⟨

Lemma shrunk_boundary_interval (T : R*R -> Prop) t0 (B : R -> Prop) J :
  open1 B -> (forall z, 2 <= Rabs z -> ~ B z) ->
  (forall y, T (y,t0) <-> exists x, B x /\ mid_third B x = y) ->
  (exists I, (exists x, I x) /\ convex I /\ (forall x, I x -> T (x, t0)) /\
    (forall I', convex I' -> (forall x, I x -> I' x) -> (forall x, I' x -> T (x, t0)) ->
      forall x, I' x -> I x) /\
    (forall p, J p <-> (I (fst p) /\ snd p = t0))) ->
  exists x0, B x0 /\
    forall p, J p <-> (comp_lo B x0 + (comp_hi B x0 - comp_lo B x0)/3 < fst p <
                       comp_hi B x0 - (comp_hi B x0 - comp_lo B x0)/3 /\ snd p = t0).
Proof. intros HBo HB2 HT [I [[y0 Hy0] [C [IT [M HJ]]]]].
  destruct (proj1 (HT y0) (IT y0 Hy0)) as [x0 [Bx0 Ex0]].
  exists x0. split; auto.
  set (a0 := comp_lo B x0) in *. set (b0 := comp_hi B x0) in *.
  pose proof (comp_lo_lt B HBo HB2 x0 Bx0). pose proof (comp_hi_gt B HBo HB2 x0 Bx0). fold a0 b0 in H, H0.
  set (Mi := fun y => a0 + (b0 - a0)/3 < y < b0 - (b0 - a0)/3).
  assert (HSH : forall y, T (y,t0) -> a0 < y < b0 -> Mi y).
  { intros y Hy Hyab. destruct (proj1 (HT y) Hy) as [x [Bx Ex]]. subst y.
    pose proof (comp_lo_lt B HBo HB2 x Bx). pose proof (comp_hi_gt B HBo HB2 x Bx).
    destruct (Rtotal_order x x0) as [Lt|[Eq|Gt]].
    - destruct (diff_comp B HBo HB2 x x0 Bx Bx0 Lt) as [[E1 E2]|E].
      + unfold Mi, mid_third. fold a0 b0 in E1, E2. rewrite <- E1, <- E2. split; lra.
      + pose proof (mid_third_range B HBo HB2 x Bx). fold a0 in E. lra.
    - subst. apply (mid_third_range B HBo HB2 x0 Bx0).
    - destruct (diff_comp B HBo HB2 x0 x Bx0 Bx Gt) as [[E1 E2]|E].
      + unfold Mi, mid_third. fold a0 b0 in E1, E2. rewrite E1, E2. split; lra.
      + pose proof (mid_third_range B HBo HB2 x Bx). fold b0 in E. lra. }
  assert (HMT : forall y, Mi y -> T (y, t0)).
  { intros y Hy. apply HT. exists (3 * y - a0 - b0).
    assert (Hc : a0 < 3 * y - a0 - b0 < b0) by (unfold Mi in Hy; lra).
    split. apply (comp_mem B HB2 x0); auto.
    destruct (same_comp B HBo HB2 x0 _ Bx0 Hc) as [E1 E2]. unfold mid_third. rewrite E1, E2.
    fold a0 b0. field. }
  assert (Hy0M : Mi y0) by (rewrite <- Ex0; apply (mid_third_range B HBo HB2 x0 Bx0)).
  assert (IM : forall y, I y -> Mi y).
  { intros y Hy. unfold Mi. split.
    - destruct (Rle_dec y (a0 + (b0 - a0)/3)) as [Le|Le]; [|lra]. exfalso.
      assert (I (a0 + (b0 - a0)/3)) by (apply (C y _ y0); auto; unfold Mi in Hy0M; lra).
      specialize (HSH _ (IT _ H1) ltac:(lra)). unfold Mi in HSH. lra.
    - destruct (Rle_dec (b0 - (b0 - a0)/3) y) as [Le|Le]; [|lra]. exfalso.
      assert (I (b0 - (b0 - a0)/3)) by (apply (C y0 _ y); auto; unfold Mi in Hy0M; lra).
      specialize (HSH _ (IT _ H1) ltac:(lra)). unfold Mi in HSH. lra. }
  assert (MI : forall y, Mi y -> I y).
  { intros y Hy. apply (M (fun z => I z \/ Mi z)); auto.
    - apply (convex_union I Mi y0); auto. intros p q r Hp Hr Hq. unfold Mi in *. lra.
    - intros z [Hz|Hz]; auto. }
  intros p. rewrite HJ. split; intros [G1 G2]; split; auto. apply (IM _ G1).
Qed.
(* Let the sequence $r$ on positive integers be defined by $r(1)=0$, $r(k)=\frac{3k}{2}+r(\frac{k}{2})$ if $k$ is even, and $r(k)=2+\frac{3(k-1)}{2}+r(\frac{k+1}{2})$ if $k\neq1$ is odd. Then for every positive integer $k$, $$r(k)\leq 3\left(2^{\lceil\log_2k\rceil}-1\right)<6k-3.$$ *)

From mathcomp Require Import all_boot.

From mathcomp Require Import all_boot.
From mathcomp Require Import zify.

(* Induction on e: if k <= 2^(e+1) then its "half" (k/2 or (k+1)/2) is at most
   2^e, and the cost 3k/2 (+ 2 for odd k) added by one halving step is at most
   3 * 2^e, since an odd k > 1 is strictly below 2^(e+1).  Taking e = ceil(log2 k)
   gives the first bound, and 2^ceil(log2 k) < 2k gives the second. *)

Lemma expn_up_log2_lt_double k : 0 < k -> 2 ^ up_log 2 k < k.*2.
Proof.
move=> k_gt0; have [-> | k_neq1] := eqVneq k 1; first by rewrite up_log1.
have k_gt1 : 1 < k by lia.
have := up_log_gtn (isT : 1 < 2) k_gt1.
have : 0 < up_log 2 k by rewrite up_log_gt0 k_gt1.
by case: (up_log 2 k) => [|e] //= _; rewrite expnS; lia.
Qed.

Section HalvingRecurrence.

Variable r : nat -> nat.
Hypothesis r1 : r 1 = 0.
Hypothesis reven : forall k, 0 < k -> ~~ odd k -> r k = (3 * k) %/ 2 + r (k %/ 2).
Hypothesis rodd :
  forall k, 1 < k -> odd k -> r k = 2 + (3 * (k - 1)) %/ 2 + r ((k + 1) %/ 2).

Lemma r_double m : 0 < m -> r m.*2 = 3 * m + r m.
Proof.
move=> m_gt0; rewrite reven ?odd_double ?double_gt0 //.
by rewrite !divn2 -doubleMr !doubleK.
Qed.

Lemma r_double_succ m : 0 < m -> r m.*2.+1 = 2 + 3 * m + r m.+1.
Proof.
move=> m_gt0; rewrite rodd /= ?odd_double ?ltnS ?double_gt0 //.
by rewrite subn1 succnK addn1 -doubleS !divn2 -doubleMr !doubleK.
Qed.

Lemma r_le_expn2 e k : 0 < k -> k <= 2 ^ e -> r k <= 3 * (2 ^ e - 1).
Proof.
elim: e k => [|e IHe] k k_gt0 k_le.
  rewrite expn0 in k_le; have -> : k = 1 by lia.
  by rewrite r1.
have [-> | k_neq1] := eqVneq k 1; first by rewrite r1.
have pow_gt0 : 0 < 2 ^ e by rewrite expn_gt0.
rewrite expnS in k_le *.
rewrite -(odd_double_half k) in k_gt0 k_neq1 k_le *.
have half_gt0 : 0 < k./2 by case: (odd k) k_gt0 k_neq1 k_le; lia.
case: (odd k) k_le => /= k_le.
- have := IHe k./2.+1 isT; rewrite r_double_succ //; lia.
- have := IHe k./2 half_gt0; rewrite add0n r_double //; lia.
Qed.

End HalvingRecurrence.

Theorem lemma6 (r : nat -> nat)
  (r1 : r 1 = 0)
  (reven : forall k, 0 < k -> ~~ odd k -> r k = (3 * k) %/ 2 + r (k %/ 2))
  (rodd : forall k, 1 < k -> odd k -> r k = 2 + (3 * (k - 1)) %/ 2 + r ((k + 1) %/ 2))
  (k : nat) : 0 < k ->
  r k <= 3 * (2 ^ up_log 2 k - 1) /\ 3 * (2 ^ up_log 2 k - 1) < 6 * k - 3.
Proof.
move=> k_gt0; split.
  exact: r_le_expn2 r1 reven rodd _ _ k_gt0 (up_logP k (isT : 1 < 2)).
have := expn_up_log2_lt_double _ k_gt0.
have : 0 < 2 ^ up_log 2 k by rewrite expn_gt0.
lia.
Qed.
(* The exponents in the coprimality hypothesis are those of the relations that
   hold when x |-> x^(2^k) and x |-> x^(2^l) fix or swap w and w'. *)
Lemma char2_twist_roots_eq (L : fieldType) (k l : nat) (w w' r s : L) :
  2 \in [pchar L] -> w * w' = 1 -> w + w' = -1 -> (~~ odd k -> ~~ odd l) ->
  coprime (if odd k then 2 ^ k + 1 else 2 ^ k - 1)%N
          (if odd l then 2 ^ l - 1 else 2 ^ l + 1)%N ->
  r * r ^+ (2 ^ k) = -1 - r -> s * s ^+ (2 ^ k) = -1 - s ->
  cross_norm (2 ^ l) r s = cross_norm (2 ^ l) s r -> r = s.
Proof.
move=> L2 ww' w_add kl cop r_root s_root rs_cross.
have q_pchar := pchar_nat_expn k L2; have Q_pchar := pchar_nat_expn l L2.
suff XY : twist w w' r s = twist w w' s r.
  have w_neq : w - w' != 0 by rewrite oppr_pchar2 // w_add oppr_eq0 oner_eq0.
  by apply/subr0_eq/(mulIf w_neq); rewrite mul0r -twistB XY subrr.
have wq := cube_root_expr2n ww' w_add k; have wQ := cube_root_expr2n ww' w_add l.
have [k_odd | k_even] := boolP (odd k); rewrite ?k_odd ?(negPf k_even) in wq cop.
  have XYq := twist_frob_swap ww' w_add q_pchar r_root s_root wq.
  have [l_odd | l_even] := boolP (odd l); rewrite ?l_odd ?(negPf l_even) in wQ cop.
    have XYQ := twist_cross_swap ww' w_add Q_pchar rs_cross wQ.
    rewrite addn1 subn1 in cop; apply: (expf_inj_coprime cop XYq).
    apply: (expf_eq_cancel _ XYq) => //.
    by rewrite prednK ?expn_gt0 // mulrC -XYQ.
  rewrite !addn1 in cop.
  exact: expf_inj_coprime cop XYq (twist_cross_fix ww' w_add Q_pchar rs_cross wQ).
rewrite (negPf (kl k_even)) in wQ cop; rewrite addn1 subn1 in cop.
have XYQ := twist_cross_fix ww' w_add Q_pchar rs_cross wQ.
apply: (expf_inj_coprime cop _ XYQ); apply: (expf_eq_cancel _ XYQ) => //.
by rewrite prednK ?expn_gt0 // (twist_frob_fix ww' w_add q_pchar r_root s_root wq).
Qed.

⟩

(TASK BRIEF) Repeat exactly the lines above from the one with "(r1 : r 1 = 0)" up to and including the one with "hold when x". No other line belongs in the reply.

(SOLUTION TO THIS EXERCISE)
  (r1 : r 1 = 0)
  (reven : forall k, 0 < k -> ~~ odd k -> r k = (3 * k) %/ 2 + r (k %/ 2))
  (rodd : forall k, 1 < k -> odd k -> r k = 2 + (3 * (k - 1)) %/ 2 + r ((k + 1) %/ 2))
  (k : nat) : 0 < k ->
  r k <= 3 * (2 ^ up_log 2 k - 1) /\ 3 * (2 ^ up_log 2 k - 1) < 6 * k - 3.
Proof.
move=> k_gt0; split.
  exact: r_le_expn2 r1 reven rodd _ _ k_gt0 (up_logP k (isT : 1 < 2)).
have := expn_up_log2_lt_double _ k_gt0.
have : 0 < 2 ^ up_log 2 k by rewrite expn_gt0.
lia.
Qed.
(* The exponents in the coprimality hypothesis are those of the relations that
   hold when x |-> x^(2^k) and x |-> x^(2^l) fix or swap w and w'. *)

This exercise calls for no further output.